[Saved entries]

——

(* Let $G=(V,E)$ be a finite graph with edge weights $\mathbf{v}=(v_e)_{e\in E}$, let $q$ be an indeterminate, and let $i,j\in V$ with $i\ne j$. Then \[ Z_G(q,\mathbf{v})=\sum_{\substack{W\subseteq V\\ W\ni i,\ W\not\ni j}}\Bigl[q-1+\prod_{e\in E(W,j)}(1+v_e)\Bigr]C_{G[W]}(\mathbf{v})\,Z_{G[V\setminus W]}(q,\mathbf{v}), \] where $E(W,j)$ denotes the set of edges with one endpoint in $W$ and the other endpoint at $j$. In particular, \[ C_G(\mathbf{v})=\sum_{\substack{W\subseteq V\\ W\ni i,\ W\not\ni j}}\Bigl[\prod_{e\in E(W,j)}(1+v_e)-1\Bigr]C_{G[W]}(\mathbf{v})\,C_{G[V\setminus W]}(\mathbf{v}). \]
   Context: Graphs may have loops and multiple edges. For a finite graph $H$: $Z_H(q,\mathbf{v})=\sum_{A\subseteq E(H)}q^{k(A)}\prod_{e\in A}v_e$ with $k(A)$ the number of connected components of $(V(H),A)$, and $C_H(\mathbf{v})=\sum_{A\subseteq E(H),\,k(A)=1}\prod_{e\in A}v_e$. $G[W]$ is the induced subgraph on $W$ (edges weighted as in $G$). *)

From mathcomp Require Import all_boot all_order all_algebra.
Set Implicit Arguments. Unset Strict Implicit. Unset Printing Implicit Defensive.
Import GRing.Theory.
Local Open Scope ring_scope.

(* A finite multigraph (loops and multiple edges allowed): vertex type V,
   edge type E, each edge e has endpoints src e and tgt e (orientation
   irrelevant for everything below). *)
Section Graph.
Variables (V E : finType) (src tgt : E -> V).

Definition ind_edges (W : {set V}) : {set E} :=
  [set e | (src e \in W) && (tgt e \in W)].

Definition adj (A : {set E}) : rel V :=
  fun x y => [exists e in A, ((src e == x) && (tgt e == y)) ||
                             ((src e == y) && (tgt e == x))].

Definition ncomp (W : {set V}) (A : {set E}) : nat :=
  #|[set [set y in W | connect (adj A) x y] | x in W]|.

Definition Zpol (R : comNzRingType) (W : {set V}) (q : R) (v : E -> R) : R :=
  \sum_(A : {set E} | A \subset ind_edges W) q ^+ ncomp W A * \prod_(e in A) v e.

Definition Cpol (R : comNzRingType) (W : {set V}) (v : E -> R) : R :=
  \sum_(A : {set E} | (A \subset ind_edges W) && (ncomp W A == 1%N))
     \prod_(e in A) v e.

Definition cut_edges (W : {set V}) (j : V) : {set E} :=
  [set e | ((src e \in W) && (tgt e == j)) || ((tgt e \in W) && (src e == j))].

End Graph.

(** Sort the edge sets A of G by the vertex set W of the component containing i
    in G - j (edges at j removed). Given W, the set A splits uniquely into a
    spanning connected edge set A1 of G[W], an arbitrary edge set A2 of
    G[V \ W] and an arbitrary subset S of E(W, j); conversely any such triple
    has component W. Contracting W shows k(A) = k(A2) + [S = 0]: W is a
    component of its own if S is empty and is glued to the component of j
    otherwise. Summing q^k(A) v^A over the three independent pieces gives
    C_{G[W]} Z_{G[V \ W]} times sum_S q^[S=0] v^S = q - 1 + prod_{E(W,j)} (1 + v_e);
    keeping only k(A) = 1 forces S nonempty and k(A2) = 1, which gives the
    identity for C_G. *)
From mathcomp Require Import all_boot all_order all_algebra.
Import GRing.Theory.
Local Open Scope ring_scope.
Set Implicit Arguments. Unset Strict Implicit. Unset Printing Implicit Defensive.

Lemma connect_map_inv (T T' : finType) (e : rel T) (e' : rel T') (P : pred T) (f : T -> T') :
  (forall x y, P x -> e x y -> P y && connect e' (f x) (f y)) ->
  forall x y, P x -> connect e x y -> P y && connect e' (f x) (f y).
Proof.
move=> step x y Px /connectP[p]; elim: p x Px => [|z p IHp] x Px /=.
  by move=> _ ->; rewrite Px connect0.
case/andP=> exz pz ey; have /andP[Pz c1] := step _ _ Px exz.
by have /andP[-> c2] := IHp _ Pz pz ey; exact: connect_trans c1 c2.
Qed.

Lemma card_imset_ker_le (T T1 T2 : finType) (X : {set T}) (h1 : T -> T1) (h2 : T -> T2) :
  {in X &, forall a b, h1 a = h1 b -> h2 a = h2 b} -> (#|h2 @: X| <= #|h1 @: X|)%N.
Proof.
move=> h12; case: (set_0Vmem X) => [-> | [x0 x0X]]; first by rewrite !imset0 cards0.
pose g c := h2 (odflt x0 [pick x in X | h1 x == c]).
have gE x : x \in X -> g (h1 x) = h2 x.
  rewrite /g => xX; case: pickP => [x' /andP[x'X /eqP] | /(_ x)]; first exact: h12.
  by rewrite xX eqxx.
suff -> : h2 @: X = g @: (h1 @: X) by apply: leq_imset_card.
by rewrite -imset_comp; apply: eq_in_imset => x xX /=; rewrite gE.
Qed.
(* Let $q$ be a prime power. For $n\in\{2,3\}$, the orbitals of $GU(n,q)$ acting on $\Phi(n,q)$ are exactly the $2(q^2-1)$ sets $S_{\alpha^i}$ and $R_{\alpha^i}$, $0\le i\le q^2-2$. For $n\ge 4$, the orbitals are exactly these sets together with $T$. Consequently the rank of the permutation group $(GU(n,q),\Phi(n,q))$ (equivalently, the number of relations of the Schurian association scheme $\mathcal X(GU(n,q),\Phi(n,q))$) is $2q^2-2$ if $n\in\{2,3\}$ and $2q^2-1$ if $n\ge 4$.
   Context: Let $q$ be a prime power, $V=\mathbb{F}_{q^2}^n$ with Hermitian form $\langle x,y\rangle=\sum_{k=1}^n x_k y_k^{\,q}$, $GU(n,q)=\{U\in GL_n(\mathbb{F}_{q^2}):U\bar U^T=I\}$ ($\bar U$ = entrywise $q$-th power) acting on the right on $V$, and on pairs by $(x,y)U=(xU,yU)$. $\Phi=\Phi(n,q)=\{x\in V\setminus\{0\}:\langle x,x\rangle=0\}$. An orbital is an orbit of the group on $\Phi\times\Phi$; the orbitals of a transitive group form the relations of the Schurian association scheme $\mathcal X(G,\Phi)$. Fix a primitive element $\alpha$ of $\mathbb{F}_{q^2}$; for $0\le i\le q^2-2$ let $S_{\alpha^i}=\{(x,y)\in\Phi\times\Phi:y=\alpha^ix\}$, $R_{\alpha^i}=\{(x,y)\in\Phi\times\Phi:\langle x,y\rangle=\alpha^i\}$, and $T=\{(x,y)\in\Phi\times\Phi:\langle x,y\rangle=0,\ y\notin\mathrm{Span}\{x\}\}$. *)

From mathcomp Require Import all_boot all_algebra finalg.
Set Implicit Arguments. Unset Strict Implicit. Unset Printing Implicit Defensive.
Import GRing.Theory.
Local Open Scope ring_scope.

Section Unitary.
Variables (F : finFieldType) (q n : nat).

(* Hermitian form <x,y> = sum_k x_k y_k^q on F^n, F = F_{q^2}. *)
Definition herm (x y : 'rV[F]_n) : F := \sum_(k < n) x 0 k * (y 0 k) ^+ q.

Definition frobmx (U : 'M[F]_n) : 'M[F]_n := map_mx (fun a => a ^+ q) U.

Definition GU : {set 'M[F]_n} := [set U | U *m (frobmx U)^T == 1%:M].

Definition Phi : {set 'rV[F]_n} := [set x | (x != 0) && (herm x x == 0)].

——

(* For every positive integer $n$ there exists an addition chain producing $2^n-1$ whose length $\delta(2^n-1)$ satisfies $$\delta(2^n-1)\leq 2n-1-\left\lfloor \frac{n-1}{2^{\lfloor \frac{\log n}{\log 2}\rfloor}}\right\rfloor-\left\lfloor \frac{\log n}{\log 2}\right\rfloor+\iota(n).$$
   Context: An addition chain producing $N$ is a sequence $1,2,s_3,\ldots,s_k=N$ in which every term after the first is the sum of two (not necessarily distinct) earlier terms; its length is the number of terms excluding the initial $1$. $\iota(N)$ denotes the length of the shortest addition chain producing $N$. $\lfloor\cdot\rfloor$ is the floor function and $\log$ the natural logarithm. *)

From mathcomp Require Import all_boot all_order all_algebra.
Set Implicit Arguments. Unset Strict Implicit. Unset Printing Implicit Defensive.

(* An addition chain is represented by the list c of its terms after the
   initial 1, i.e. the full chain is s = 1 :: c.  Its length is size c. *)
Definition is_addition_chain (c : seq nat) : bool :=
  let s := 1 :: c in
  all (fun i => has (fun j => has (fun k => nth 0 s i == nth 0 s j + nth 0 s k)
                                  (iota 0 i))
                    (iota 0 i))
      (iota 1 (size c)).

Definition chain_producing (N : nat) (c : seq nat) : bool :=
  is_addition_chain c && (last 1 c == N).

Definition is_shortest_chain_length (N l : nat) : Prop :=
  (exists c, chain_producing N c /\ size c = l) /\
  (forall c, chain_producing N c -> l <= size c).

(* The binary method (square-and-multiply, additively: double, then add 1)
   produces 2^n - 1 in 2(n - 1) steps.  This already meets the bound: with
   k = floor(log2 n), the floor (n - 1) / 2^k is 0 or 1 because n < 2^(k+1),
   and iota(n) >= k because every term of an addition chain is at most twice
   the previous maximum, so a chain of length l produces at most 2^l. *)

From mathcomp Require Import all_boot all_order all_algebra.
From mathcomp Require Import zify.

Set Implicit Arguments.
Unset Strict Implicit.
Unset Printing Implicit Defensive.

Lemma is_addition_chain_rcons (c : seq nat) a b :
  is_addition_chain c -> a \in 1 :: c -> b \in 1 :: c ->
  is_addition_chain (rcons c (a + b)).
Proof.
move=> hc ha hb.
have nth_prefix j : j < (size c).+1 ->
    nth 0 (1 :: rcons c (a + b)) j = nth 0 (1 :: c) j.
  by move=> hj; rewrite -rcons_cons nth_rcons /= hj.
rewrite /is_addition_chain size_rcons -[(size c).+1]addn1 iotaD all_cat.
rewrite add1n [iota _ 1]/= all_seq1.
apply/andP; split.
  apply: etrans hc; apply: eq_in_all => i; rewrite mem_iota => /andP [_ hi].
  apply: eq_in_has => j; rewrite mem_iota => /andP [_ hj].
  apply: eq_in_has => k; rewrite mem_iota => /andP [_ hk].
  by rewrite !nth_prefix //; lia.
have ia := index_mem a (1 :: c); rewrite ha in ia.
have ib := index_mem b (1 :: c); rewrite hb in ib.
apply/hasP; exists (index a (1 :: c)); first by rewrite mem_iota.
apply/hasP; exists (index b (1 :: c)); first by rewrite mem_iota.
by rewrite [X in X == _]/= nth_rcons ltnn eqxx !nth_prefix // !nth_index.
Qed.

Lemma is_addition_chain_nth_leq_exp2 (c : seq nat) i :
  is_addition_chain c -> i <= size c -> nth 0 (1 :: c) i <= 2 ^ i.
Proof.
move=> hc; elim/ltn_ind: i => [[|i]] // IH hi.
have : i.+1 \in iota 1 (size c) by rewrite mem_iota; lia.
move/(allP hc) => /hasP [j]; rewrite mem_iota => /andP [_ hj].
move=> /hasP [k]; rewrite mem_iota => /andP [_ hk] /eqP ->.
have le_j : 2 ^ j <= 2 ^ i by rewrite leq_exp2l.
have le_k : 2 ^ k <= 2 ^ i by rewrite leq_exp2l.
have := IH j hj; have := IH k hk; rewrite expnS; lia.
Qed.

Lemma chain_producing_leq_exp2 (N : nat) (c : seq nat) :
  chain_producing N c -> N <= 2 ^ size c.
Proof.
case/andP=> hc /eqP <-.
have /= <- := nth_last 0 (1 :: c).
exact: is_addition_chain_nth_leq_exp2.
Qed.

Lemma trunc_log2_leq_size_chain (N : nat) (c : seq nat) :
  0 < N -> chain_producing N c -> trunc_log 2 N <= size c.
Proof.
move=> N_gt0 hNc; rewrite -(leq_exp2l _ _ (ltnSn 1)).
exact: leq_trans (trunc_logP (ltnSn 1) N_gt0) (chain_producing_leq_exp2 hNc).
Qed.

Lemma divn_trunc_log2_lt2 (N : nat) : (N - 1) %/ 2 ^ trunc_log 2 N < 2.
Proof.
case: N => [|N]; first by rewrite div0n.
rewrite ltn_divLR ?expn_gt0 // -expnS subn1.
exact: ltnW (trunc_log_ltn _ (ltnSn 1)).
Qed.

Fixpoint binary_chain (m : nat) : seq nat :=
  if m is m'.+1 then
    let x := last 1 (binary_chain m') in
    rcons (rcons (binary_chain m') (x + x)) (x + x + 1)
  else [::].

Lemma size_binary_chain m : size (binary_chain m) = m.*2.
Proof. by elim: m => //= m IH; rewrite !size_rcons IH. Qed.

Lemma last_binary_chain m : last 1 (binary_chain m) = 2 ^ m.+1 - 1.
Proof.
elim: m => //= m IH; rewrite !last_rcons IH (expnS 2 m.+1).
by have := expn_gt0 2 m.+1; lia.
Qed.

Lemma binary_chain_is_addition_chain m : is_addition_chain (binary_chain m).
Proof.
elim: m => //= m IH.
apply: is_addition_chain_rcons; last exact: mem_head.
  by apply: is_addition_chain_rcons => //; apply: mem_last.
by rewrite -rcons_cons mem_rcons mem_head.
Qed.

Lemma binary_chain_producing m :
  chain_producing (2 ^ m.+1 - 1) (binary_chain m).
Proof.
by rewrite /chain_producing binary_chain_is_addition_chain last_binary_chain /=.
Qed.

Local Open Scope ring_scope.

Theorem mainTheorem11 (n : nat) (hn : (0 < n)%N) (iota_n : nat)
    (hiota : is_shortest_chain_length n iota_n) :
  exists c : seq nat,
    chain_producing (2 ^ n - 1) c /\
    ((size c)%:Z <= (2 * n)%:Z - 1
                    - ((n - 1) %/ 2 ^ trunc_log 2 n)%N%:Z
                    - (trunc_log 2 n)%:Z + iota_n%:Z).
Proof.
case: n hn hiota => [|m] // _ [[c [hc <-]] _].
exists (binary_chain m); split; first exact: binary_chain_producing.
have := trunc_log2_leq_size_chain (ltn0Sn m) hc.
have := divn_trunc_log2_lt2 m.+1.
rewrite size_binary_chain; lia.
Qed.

——

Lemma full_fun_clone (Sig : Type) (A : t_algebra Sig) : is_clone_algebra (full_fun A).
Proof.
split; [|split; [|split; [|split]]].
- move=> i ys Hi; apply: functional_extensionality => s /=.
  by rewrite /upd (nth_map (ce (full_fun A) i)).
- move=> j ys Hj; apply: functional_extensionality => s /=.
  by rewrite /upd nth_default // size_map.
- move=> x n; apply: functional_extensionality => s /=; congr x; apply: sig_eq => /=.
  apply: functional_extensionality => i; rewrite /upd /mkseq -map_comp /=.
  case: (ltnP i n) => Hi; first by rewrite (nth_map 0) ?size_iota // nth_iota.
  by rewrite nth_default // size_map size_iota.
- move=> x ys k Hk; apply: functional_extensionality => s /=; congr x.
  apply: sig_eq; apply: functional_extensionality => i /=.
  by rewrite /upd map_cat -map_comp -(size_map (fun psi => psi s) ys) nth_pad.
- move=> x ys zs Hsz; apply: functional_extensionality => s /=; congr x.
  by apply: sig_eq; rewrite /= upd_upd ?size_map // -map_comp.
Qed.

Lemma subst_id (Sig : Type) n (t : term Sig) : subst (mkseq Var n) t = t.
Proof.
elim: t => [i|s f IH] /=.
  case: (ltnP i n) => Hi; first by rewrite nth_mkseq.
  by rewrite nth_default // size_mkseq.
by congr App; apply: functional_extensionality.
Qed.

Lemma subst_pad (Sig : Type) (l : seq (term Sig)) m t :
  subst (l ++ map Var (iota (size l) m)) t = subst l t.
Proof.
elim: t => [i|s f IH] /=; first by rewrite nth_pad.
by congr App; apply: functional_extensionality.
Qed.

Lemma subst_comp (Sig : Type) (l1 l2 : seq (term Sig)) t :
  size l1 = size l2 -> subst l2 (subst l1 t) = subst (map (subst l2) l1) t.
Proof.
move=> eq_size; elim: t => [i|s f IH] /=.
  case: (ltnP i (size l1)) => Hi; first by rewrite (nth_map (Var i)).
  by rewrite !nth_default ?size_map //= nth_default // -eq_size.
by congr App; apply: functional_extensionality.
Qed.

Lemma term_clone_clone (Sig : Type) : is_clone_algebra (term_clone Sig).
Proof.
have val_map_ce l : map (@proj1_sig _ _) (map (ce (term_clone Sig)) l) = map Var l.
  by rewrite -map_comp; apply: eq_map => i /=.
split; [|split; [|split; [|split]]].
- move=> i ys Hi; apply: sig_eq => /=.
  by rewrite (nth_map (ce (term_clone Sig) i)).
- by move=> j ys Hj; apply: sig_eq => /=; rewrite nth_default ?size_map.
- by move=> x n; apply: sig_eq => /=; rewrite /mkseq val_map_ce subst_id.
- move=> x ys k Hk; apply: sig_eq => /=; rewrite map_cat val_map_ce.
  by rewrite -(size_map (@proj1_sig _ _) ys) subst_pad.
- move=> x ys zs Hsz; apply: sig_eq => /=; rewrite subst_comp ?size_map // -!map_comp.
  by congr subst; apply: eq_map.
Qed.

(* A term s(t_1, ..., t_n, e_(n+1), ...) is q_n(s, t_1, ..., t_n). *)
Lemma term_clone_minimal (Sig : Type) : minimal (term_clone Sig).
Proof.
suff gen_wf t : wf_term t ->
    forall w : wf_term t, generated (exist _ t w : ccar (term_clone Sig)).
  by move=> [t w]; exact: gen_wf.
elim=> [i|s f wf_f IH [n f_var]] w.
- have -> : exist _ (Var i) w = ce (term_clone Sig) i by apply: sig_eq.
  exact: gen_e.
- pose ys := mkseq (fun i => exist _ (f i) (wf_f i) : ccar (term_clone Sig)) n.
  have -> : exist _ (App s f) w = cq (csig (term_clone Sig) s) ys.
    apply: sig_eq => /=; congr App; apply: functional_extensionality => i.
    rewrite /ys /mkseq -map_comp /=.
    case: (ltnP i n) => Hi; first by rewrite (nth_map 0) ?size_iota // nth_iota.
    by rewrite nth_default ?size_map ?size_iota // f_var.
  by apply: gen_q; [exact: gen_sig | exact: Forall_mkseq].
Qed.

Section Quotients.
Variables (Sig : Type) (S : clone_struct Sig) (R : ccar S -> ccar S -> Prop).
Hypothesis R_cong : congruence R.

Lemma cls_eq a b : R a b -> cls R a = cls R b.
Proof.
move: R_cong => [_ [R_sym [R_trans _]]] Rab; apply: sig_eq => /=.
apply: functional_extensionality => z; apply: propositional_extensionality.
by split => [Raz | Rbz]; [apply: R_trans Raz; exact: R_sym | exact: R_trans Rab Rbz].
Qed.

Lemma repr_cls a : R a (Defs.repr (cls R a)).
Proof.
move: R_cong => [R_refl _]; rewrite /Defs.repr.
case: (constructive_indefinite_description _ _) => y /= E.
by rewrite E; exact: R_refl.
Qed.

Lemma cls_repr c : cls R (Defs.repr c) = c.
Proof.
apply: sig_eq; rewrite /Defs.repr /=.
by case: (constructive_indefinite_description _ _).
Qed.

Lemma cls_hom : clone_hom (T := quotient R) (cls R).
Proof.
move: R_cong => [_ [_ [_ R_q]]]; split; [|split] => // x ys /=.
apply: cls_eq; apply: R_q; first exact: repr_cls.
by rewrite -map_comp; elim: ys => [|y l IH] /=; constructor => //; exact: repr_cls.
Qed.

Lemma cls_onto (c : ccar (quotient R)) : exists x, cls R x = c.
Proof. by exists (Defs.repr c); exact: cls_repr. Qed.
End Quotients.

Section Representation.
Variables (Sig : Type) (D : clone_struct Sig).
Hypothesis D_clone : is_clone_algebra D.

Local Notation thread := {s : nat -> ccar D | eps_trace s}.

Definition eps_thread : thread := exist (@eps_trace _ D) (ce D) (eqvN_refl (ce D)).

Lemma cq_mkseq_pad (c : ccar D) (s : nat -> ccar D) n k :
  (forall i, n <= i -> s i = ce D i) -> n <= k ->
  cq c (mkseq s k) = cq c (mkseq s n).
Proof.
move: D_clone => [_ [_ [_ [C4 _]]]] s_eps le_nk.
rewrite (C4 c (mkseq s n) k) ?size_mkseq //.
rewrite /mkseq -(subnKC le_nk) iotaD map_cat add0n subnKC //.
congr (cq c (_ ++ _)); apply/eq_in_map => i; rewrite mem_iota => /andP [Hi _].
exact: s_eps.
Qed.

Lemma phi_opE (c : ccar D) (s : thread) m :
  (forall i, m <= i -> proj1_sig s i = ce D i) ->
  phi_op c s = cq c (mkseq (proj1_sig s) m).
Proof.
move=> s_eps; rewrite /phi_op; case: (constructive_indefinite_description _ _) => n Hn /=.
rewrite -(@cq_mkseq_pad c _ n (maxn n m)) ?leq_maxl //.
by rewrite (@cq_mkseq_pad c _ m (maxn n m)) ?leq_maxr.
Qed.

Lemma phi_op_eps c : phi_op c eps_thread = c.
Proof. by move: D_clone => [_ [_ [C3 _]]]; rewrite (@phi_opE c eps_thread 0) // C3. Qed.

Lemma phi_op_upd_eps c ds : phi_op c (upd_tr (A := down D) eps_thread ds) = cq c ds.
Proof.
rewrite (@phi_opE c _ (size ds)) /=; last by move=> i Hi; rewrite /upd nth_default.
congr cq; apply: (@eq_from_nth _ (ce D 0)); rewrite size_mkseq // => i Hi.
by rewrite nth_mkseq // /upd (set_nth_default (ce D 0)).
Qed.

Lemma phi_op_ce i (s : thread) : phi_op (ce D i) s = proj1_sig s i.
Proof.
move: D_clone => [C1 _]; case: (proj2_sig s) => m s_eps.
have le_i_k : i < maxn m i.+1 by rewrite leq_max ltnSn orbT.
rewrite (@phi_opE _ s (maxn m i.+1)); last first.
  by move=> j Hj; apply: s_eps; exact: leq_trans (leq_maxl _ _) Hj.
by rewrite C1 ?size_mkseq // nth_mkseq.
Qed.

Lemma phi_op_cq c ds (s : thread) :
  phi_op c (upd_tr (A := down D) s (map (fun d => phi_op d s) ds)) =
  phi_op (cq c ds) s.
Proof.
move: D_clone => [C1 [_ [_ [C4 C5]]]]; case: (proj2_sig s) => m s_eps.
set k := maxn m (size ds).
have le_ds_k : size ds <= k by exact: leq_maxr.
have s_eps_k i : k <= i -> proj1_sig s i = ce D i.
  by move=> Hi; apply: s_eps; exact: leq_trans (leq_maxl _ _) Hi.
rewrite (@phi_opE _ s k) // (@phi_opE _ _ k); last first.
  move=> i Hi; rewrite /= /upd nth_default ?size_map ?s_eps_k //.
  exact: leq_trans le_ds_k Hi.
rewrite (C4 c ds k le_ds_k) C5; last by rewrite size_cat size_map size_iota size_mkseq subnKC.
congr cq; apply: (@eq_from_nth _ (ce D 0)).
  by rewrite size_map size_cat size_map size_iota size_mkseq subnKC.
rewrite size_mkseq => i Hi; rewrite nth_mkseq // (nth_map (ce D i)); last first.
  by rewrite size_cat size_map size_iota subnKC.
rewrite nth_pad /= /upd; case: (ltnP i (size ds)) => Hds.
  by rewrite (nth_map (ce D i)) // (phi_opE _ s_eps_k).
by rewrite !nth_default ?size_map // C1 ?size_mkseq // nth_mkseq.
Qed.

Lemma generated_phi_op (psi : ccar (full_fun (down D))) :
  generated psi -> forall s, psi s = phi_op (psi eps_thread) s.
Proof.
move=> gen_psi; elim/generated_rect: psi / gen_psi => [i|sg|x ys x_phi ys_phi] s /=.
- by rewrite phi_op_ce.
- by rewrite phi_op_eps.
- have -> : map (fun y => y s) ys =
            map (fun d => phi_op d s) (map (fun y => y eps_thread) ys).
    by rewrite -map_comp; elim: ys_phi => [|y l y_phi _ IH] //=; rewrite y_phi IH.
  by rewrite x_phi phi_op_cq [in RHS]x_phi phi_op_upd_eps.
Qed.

——

### TRY IT
Answer with a number only: how many lines above include the word "iotaD"?

### FINISHED TASK
2